-- DATA TO USE --

(* Let $q$ be a prime power, $s\geq1$, $m\geq1$, $n=q^{s-1}$, and let $G$ be the $s\times n$ matrix over $\mathbb{F}_q$ whose first row is all ones and whose columns, restricted to the last $s-1$ rows, run through all vectors of $\mathbb{F}_q^{s-1}$. Let $P_i\in\mathrm{PG}(s-1,q)$ be the projective point of the $i$-th column of $G$; these are exactly the points of $\mathrm{PG}(s-1,q)$ outside the hyperplane $H: X_1=0$, and we identify $\mathrm{PG}(s-1,q)\setminus H$ with the affine space $\mathrm{AG}(s-1,q)$. Let $\mathcal{RM}_q(1,s-1)$ be the code over $\mathbb{F}_q$ generated by $G$. If $\mathbf{c}$ is a word of the extension code $\mathcal{RM}_q(1,s-1)\otimes\mathbb{F}_{q^m}$ of Hamming weight $q^{s-1}-q^{s-1-m}$, then the set $\{P_i: i\in\{1,\dots,n\}\setminus\mathrm{supp}(\mathbf{c})\}$ is exactly the set of all points of some affine subspace of $\mathrm{AG}(s-1,q)$ of codimension $m$.
   Context: The extension code $C\otimes\mathbb{F}_{q^m}$ of a linear code $C\subseteq\mathbb{F}_q^n$ is the $\mathbb{F}_{q^m}$-linear span of $C$ in $\mathbb{F}_{q^m}^n$. The support $\mathrm{supp}(\mathbf{c})$ of a word is the set of its nonzero coordinates. Under the identification, the affine subspaces of $\mathrm{AG}(s-1,q)$ of codimension $m$ are the sets $\Pi\setminus H$ for projective subspaces $\Pi$ of codimension $m$ not contained in $H$. *)

From HB Require Import structures.
From mathcomp Require Import all_boot all_order all_algebra all_field.
Set Implicit Arguments. Unset Strict Implicit. Unset Printing Implicit Defensive.
Import GRing.Theory.
Local Open Scope ring_scope.

(* Columns of the generator matrix G of RM_q(1, s-1) are indexed by the
   vectors v of F^(k) (k = s-1); the column is (1, v), written as a row
   vector of F^(1+k).  It is also a representative of the point P_v. *)
Definition RMcol (F : fieldType) (k : nat) (v : 'rV[F]_k) : 'rV[F]_(1 + k) :=
  row_mx (1 : 'rV[F]_1) v.

(* The codeword of the extension code RM_q(1,s-1) (x) L with coefficient
   vector a (an L-linear combination of the rows of G), evaluated at the
   column indexed by v. *)
Definition extWord (F : fieldType) (L : fieldExtType F) (k : nat)
    (a : 'rV[L]_(1 + k)) (v : 'rV[F]_k) : L :=
  \sum_(j < 1 + k) a ord0 j * ((RMcol v) ord0 j)%:A.

Definition extSupp (F : finFieldType) (L : fieldExtType F) (k : nat)
    (a : 'rV[L]_(1 + k)) : {set 'rV[F]_k} :=
  [set v | extWord a v != 0].

Definition firstCoord (F : fieldType) (k : nat) (u : 'rV[F]_(1 + k)) : F :=
  u ord0 (lshift k ord0).

(* Writing the coefficients of [a] in an F-basis of L turns the word into the
   F-affine map v |-> (1, v) *m A with A : 'M[F]_(1 + k, m), and its zero set
   is a coset of the kernel of the linear part, hence has q^(k - r) elements
   where r is the rank of the linear part.  The weight hypothesis says that
   there are exactly q^(k - m) zeros, so r = m = \rank A, and the zeros are
   exactly the points (1, v) of the projective subspace [kermx A], of
   codimension m and not contained in X_1 = 0. *)

From HB Require Import structures.
From mathcomp Require Import all_boot all_order all_algebra all_field.
From mathcomp Require Import zify.
Import GRing.Theory Num.Theory passmx.
Local Open Scope ring_scope.

Lemma card_ker_rows (F : finFieldType) k n (B : 'M[F]_(k, n)) :
  #|[set w : 'rV[F]_k | w *m B == 0]| = (#|F| ^ (k - \rank B))%N.
Proof.
set K := kermx B; set C := row_base K.
have -> : [set w : 'rV[F]_k | w *m B == 0] = [set x *m C | x : 'rV[F]_(\rank K)].
  apply/setP => w; rewrite inE -sub_kermx -/K -(eq_row_base K) -/C.
  apply/idP/imsetP => [/submxP [x ->]|[x _ ->]]; first by exists x.
  exact: submxMl.
rewrite card_imset; last exact: row_free_inj (row_base_free K).
by rewrite card_mx mul1n /K mxrank_ker.
Qed.

Lemma RMcol_mul (F : fieldType) k n (v : 'rV[F]_k) (A : 'M[F]_(1 + k, n)) :
  RMcol v *m A = usubmx A + v *m dsubmx A.
Proof. by rewrite /RMcol -{1}(vsubmxK A) mul_row_col mul1mx. Qed.

Lemma rank_dsubmx_le {F : fieldType} {k l n} (A : 'M[F]_(k + l, n)) :
  (\rank (dsubmx A) <= \rank A)%N.
Proof.
apply: mxrankS; have : (col_mx (usubmx A) (dsubmx A) <= A)%MS.
  by rewrite vsubmxK submx_refl.
by rewrite col_mx_sub => /andP [].
Qed.

Section AffineZeros.

Context {F : finFieldType} {k n : nat}.
Variable A : 'M[F]_(1 + k, n).

Definition RMcol_zeros : {set 'rV[F]_k} := [set v | RMcol v *m A == 0].

Lemma card_RMcol_zeros v0 : RMcol v0 *m A = 0 ->
  #|RMcol_zeros| = (#|F| ^ (k - \rank (dsubmx A)))%N.
Proof.
rewrite RMcol_mul => A_v0.
have -> : RMcol_zeros = [set w + v0 | w in [set w | w *m dsubmx A == 0]].
  apply/setP => v; rewrite inE RMcol_mul -{1}A_v0 -subr_eq0 opprD addrACA subrr.
  rewrite add0r -mulmxBl; apply/idP/imsetP => [kerv|[w + ->]].
    by exists (v - v0); rewrite ?inE ?subrK.
  by rewrite inE addrK.
by rewrite card_imset ?card_ker_rows //; exact: addIr.
Qed.

(* The count of zeros forces the linear part alone to have full column rank. *)
Lemma rank_from_card_RMcol_zeros v0 : RMcol v0 *m A = 0 -> (n <= k)%N ->
  #|RMcol_zeros| = (#|F| ^ (k - n))%N -> \rank A = n.
Proof.
move=> /card_RMcol_zeros -> le_nk /(expnI (finNzRing_gt1 F)) eq_rank.
have rank_dA : \rank (dsubmx A) = n by have := rank_leq_col (dsubmx A); lia.
by apply/eqP; rewrite eqn_leq rank_leq_col -{1}rank_dA rank_dsubmx_le.
Qed.

End AffineZeros.

Lemma card_compl_from_weight (q k m z w : nat) : (1 < q)%N -> (z + w = q ^ k)%N ->
  (w%:R : rat) = q%:R ^+ k - q%:R ^ (k%:Z - m%:Z) ->
  (m <= k)%N /\ z = (q ^ (k - m))%N.
Proof.
move=> q_gt1 zw_k hw.
have q_neq0 : (q%:R : rat) != 0 by rewrite pnatr_eq0 -lt0n (ltnW q_gt1).
have z_eq : (z%:R : rat) = q%:R ^ (k%:Z - m%:Z).
  by rewrite -[z%:R]addr0 -(subrr (w%:R : rat)) addrA -natrD zw_k natrX hw opprB subrKC.
have le_mk : (m <= k)%N.
  rewrite leqNgt; apply/negP => lt_km.
  move: z_eq; rewrite -opprB (subzn (ltnW lt_km)) -invr_expz => z_eq.
  have /eqP : ((z * q ^ (m - k))%N%:R : rat) = 1.
    by rewrite natrM natrX z_eq mulVf // expf_neq0.
  rewrite pnatr_eq1 muln_eq1 -(expn0 q) => /andP [_ /eqP/(expnI q_gt1)]; lia.
split=> //; apply/eqP; rewrite -(eqr_nat rat) natrX z_eq subzn //.
Qed.

Section CoordinateMatrix.

Context {F : fieldType} {L : fieldExtType F}.

Definition coord_mx {k} (a : 'rV[L]_k) : 'M[F]_(k, \dim {:L}) :=
  \matrix_j rVof (vbasis {:L}) (a 0 j).

Lemma extWord_eq0 k (a : 'rV[L]_(1 + k)) v :
  (extWord a v == 0) = (RMcol v *m coord_mx a == 0).
Proof.
have -> : RMcol v *m coord_mx a = rVof (vbasis {:L}) (extWord a v).
  rewrite mulmx_sum_row /extWord linear_sum; apply: eq_bigr => j _.
  by rewrite rowK mulr_algr linearZ.
by rewrite rVof_eq0 // vbasisP.
Qed.

End CoordinateMatrix.

Theorem mainTheorem7 (F : finFieldType) (L : fieldExtType F) (s m : nat)
  (hs : (1 <= s)%N) (hm : (1 <= m)%N) (hL : \dim {:L} = m)
  (a : 'rV[L]_(1 + s.-1)) :
  (#|extSupp a|%:R : rat) =
     (#|F|%:R : rat) ^+ s.-1 - (#|F|%:R : rat) ^ ((s.-1)%:Z - m%:Z) ->
  exists U : 'M[F]_(1 + s.-1),
    [/\ \rank U = ((1 + s.-1) - m)%N,
        (exists2 u : 'rV[F]_(1 + s.-1), (u <= U)%MS & firstCoord u != 0)
      & forall v : 'rV[F]_(s.-1), (v \notin extSupp a) <-> (RMcol v <= U)%MS].
Proof.
move: a; set k := s.-1 => a hw; set A := coord_mx a.
have zerosE : ~: extSupp a = RMcol_zeros A.
  by apply/setP => v; rewrite in_setC !inE negbK extWord_eq0.
have [le_mk card_zeros] : (m <= k)%N /\ #|RMcol_zeros A| = (#|F| ^ (k - m))%N.
  apply: card_compl_from_weight hw; first exact: finNzRing_gt1.
  by rewrite -zerosE addnC cardsC card_mx mul1n.
have [v0] : exists v0, v0 \in RMcol_zeros A.
  by apply/card_gt0P; rewrite card_zeros expn_gt0 (ltnW (finNzRing_gt1 F)).
rewrite inE => /eqP A_v0.
have rankA : \rank A = m.
  rewrite -hL; apply: rank_from_card_RMcol_zeros A_v0 _ _.
  - by rewrite hL.
  - by rewrite card_zeros hL.
exists (kermx A); split.
- by rewrite mxrank_ker rankA.
- exists (RMcol v0); first by rewrite sub_kermx A_v0.
  by rewrite /firstCoord /RMcol row_mxEl mxE oner_neq0.
- by move=> v; rewrite sub_kermx -extWord_eq0 inE negbK.
Qed.
Lemma le_sqrt_of_forall_lambda (D k s2 : R) : 0 <= D -> 0 <= k -> 0 <= s2 ->
  (forall lam, 0 < lam -> lam * D <= k + lam ^+ 2 * s2 / 2) ->
  D <= Num.sqrt (2 * (s2 * k)).
Proof.
move=> D0 k0 s0 hlam.
have [->|D_neq0] := eqVneq D 0; first exact: sqrtr_ge0.
have Dp : 0 < D by rewrite lt_def D_neq0 D0.
suff DD : D ^+ 2 <= 2 * (s2 * k).
  by rewrite -(ger0_norm D0) -sqrtr_sqr ler_sqrt // mulr_ge0 // mulr_ge0.
have [s20|s2_neq0] := eqVneq s2 0.
  have := hlam ((k + 1) / D); rewrite s20 divr_gt0 ?ltr_wpDl //.
  by rewrite mulr0 mul0r addr0 divfK ?gt_eqF // => /(_ isT); lra.
have s2p : 0 < s2 by rewrite lt_def s2_neq0 s0.
(* the optimal choice lam = D / s2 *)
have := hlam (D / s2); rewrite divr_gt0 // => /(_ isT).
have -> : D / s2 * D = D ^+ 2 / s2 by field.
have -> : (D / s2) ^+ 2 * s2 / 2 = D ^+ 2 / s2 / 2 by field.
move=> hD; have : D ^+ 2 / s2 <= 2 * k by lra.
rewrite ler_pdivrMr // => hk; nra.
Qed.

Lemma sqrt_mul2D_le (x y : R) : 0 <= x -> 0 <= y ->
  Num.sqrt (2 * x) + Num.sqrt (2 * y) <= 2 * Num.sqrt (x + y).
Proof.
move=> x0 y0; set u := Num.sqrt (2 * x); set v := Num.sqrt (2 * y).
have uu : u * u = 2 * x by rewrite -expr2 sqr_sqrtr // mulr_ge0.
have vv : v * v = 2 * y by rewrite -expr2 sqr_sqrtr // mulr_ge0.
have -> : 2 * Num.sqrt (x + y) = Num.sqrt (4 * (x + y)).
  by rewrite sqrtrM ?ler0n // (_ : 4 = 2 ^+ 2) ?sqrtr_sqr ?ger0_norm //; lra.
rewrite -(ger0_norm (addr_ge0 (sqrtr_ge0 _) (sqrtr_ge0 _))) -sqrtr_sqr.
rewrite ler_sqrt; last by apply: mulr_ge0; lra.
have := sqr_ge0 (u - v); rewrite -/u -/v !expr2; nra.
Qed.

End sqrt_inequalities.

Lemma dist_mean_le (R : numFieldType) (n : nat) (a : R) (b : 'I_n -> R) :
  (0 < n)%N ->
  `|a - n%:R^-1 * \sum_(i < n) b i| <= n%:R^-1 * \sum_(i < n) `|a - b i|.
Proof.
move=> n0; have n_neq0 : n%:R != 0 :> R by rewrite pnatr_eq0 -lt0n.
have -> : a - n%:R^-1 * \sum_(i < n) b i = n%:R^-1 * \sum_(i < n) (a - b i).
  by rewrite sumrB sumr_const card_ord -mulr_natr; field.
by rewrite normrM ger0_norm ?invr_ge0 ?ler0n // ler_wpM2l ?invr_ge0 ?ler_norm_sum.
Qed.

Lemma probability_integral_cst {d} {T : measurableType d} {R : realType}
  (P : probability T R) (c : R) : (\int[P]_x c%:E)%E = c%:E.
Proof.
have := integral_cst P measurableT c%:E; rewrite /cst => ->.
by rewrite [X in (_ * X)%E](_ : _ = 1%E) ?mule1 //; exact: probability_setT.
Qed.

Lemma ge0_integralD_EFin {d} {T : measurableType d} {R : realType}
  (mu : measure T R) (f g : T -> R) :
  (forall x, 0 <= f x) -> (forall x, 0 <= g x) ->
  measurable_fun setT f -> measurable_fun setT g ->
  (\int[mu]_x (f x + g x)%:E = \int[mu]_x (f x)%:E + \int[mu]_x (g x)%:E)%E.
Proof.
move=> f0 g0 mf mg; under eq_integral do rewrite EFinD.
by apply: ge0_integralD => // [x _||x _|]; rewrite ?lee_fin //; exact/measurable_EFinP.
Qed.

Lemma ln_neg_mul_le1 (R : realType) (t : R) : 0 <= t -> Num.max (- ln t) 0 * t <= 1.
Proof.
rewrite le_eqVlt => /orP[/eqP <-|t0]; first by rewrite mulr0.
have [lnt0|lnt0] := leP (- ln t) 0; first by rewrite mul0r.
have : ln t^-1 < t^-1 by apply: ln_sublinear; rewrite invr_gt0.
rewrite lnV ?posrE // -(mulVf (lt0r_neq0 t0)) => /ltW.
by rewrite ler_pM2r.
Qed.

Section log_density.
Context {d} {T : measurableType d} {R : realType} (P Q : probability T R).
Hypothesis PQ : P `<< Q.
Local Open Scope ereal_scope.

Definition rn_density x : R := fine (Radon_Nikodym_SigmaFinite.f P Q x).

(* [ln 0 = 0], so [log_density] vanishes where the density does. *)
Definition log_density x : R := ln (rn_density x).

Lemma rn_density_ge0 x : (0 <= rn_density x)%R.
Proof. exact/fine_ge0/Radon_Nikodym_SigmaFinite.f_ge0. Qed.

Lemma rn_densityE x : Radon_Nikodym_SigmaFinite.f P Q x = (rn_density x)%:E.
Proof. by rewrite fineK // Radon_Nikodym_SigmaFinite.f_fin_num. Qed.

Lemma measurable_rn_density : measurable_fun setT rn_density.
Proof.
apply/measurable_EFinP; rewrite (_ : _ \o _ = Radon_Nikodym_SigmaFinite.f P Q).
  exact: measurable_int (Radon_Nikodym_SigmaFinite.f_integrable PQ).
by apply/funext => x /=; rewrite rn_densityE.
Qed.

Lemma measurable_log_density : measurable_fun setT log_density.
Proof. exact: measurableT_comp (@measurable_ln R) measurable_rn_density. Qed.

Lemma integral_rn_density (k : T -> R) : (forall x, 0 <= k x)%R ->
  measurable_fun setT k ->
  \int[P]_x (k x)%:E = \int[Q]_x (k x * rn_density x)%:E.
Proof.
move=> k0 mk.
rewrite -(Radon_Nikodym_SigmaFinite.change_of_variables PQ) //.
- by apply: eq_integral => x _; rewrite rn_densityE.
- exact/measurable_EFinP.
Qed.

Lemma KL_log_densityE : KL P Q =
  \int[P]_x (log_density^\+ x)%:E - \int[P]_x (log_density^\- x)%:E.
Proof.
rewrite /KL; case: pselect => [?|//].
have -> : \int[P]_x (ln (fine (Radon_Nikodym (charge_of_finite_measure P) Q x)))%:E =
    \int[P]_x (log_density x)%:E.
  apply: ae_eq_integral => //.
  - apply/measurable_EFinP; apply: measurableT_comp (@measurable_ln R) _.
    exact: measurableT_comp (fine_measurable _) _.
  - exact/measurable_EFinP/measurable_log_density.
  - apply: null_dominates_ae_eq PQ _ => //.
    apply: filterS (ae_eq_Radon_Nikodym_SigmaFinite PQ measurableT) => x /= RN_x _.
    by rewrite /log_density /rn_density RN_x.
rewrite integralE; congr (_ - _); apply: eq_integral => x _.
- by rewrite funeposE /funrpos EFin_max.
- by rewrite funenegE /funrneg EFin_max EFinN.
Qed.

-- WHAT TO PRODUCE --
Among the records above, only the lines between the line holding "Definition rn_density x" and the line holding "Lemma KL_log_densityE : KL", inclusive, are to be output, exactly as written.

-- RESULT OF THIS TASK --
Definition rn_density x : R := fine (Radon_Nikodym_SigmaFinite.f P Q x).

(* [ln 0 = 0], so [log_density] vanishes where the density does. *)
Definition log_density x : R := ln (rn_density x).

Lemma rn_density_ge0 x : (0 <= rn_density x)%R.
Proof. exact/fine_ge0/Radon_Nikodym_SigmaFinite.f_ge0. Qed.

Lemma rn_densityE x : Radon_Nikodym_SigmaFinite.f P Q x = (rn_density x)%:E.
Proof. by rewrite fineK // Radon_Nikodym_SigmaFinite.f_fin_num. Qed.

Lemma measurable_rn_density : measurable_fun setT rn_density.
Proof.
apply/measurable_EFinP; rewrite (_ : _ \o _ = Radon_Nikodym_SigmaFinite.f P Q).
  exact: measurable_int (Radon_Nikodym_SigmaFinite.f_integrable PQ).
by apply/funext => x /=; rewrite rn_densityE.
Qed.

Lemma measurable_log_density : measurable_fun setT log_density.
Proof. exact: measurableT_comp (@measurable_ln R) measurable_rn_density. Qed.

Lemma integral_rn_density (k : T -> R) : (forall x, 0 <= k x)%R ->
  measurable_fun setT k ->
  \int[P]_x (k x)%:E = \int[Q]_x (k x * rn_density x)%:E.
Proof.
move=> k0 mk.
rewrite -(Radon_Nikodym_SigmaFinite.change_of_variables PQ) //.
- by apply: eq_integral => x _; rewrite rn_densityE.
- exact/measurable_EFinP.
Qed.

Lemma KL_log_densityE : KL P Q =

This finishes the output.